No pensamento liberal, já que a educação é a grande igualadora das condições entre os homens, a ascensão social depende única e exclusivamente das capacidades individuais, e na pode haver igualdade social entre os homens porque não existe essa igualdade ao nível individual.

Chega-se a uma importante questão: como este pensamento se sustenta e se justifica na realidade?

Pensamento marxista denuncia que esta igualdade de oportunidades nunca foi e nunca será atingida e que a disseminação da crença nessa possibilidade, numa sociedade de classes, é fundamental à manutenção do sistema e aos interesses dos grupos e da classe dominante. Neste contexto, a “indisciplina”, “desordem”, e os conflitos sociais, longe de serem sintomas de desorganização, crise ou anomia, são expressões de algo inerente ao sistema: a presença de contradições.

De acordo com Patto (1948), para subtrair o problema das relações sociais (num regime social liberal) e, neste sentido, também da escola, o problema foi colocado para todos os efeitos na criança. Foi colocado na dimensão do sujeito do conhecimento, na dimensão da saúde do sujeito e tudo isso legitimado pela psicologia.

As falas dos profissionais que trabalham em escolas com relação aos problemas dos alunos geralmente mostram que realmente o problema é colocado no aluno, que tem dificuldades de aprendizagem, indisciplina, ou até mesmo distúrbios psicomotores. Segundo Patto (1987) a produção de diagnósticos apareceria por não se dar conta do que está falhando.

Patto (1987), utilizando-se da obra de Basaglia (1973, 1979), traz o que esse autor coloca a respeito do hospital psiquiátrico para a instituição escolar. Basaglia (1973), conclui que a simples introdução de novas técnicas na instituição pode ser nociva, já que acaba por funcionar como uma simples camuflagem dos reais problemas. Na escola a prática tão freqüente de introduzir técnicas para recuperação de alunos com “dificuldades de aprendizagem” ou teste que confirmam ser o aluno portador de deficiência, por exemplo, só confirma a versão inicial de que os problemas estão no aluno.

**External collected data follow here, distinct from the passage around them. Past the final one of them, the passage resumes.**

(* Let $\mathcal A$ be an algebra over $k$, $\boldsymbol\sigma\in\mathrm{Aut}^n_{\mathrm{cfo}}(\mathcal A)$ and $\boldsymbol m\in\mathbb Z^n_{>0}$ with $\boldsymbol\sigma^{\boldsymbol m}=\mathbf{id}$. Then $M_{\boldsymbol m}(\mathcal A,\boldsymbol\sigma)$ and $M_{\mathrm{ord}(\boldsymbol\sigma)}(\mathcal A,\boldsymbol\sigma)$ are support-isomorphic.
   Context: $k$ is an algebraically closed field of characteristic $0$; primitive roots of unity $\zeta_n$ are fixed with $\zeta_{mn}^m=\zeta_n$. Algebras need not be associative or unital. $\mathrm{Aut}^n_{\mathrm{cfo}}(\mathcal A)$ is the set of $n$-tuples $\boldsymbol\sigma=(\sigma_1,\dots,\sigma_n)$ of pairwise commuting finite-order automorphisms; $\boldsymbol\sigma^{\boldsymbol m}=\mathbf{id}$ means $\sigma_i^{m_i}=\mathrm{id}$ for all $i$; $\mathrm{ord}(\boldsymbol\sigma)=(\mathrm{ord}(\sigma_1),\dots,\mathrm{ord}(\sigma_n))$. For $\lambda=(l_1,\dots,l_n)\in\mathbb Z^n$, $\mathcal A^{\bar\lambda}=\{u:\sigma_i(u)=\zeta_{m_i}^{l_i}u\ \forall i\}$ and $M_{\boldsymbol m}(\mathcal A,\boldsymbol\sigma)=\bigoplus_{\lambda}\mathcal A^{\bar\lambda}\otimes t^\lambda\subseteq\mathcal A\otimes k[t_1^{\pm1},\dots,t_n^{\pm1}]$, $\mathbb Z^n$-graded. Two $\mathbb Z^n$-graded algebras $\mathcal B,\mathcal B'$ are support-isomorphic if there exist an algebra isomorphism $\psi:\mathcal B\to\mathcal B'$ and a group isomorphism $\psi_{\mathrm{su}}$ from the subgroup generated by $\{\lambda:\mathcal B^\lambda\ne0\}$ onto the subgroup generated by $\{\lambda:\mathcal B'^\lambda\ne0\}$ with $\psi(\mathcal B^\lambda)=\mathcal B'^{\psi_{\mathrm{su}}(\lambda)}$ for all $\lambda$ in the former subgroup. *)

From HB Require Import structures.
From mathcomp Require Import all_boot all_order all_algebra.
From mathcomp Require Import finmap.
From mathcomp.multinomials Require Import monalg.
Set Implicit Arguments. Unset Strict Implicit. Unset Printing Implicit Defensive.
Import Order.TTheory GRing.Theory Num.Theory.
Local Open Scope ring_scope.

(* Lattice Z^n, realised as integer row vectors; coordinate i of l is l ord0 i. *)
Notation Zn n := ('rV[int]_n).

Definition roots_system (k : fieldType) (zeta : nat -> k) : Prop :=
  (forall N, (0 < N)%N -> N.-primitive_root (zeta N)) /\
  (forall a b, (0 < a)%N -> (0 < b)%N -> zeta (a * b)%N ^+ a = zeta b).

(* A (not necessarily associative or unital) k-algebra: a k-vector space A
   with a bilinear product mulA. *)
Definition bilinear_mul (k : fieldType) (A : lmodType k) (mulA : A -> A -> A) :=
  (forall a, linear (mulA a)) /\ (forall b, linear (fun a => mulA a b)).

Definition is_alg_aut (k : fieldType) (A : lmodType k) (mulA : A -> A -> A)
  (s : A -> A) :=
  [/\ linear s, bijective s & forall x y, s (mulA x y) = mulA (s x) (s y)].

A psicologia escolar está presente neste processo, pelo menos de duas maneiras: confirmando através dos uso de testes e de outros instrumentos de avaliação psicológica, a incapacidade do aluno e, em sua versão mais recente, valendo-se de técnicas de manipulação da aprendizagem, da motivação e do comportamento para aumentar a eficiência do ensino. A psicologia, ao lado de outros aparatos ideológicos, atua assim perpetuando enganos e contribuindo para manutenção da ordem social existente.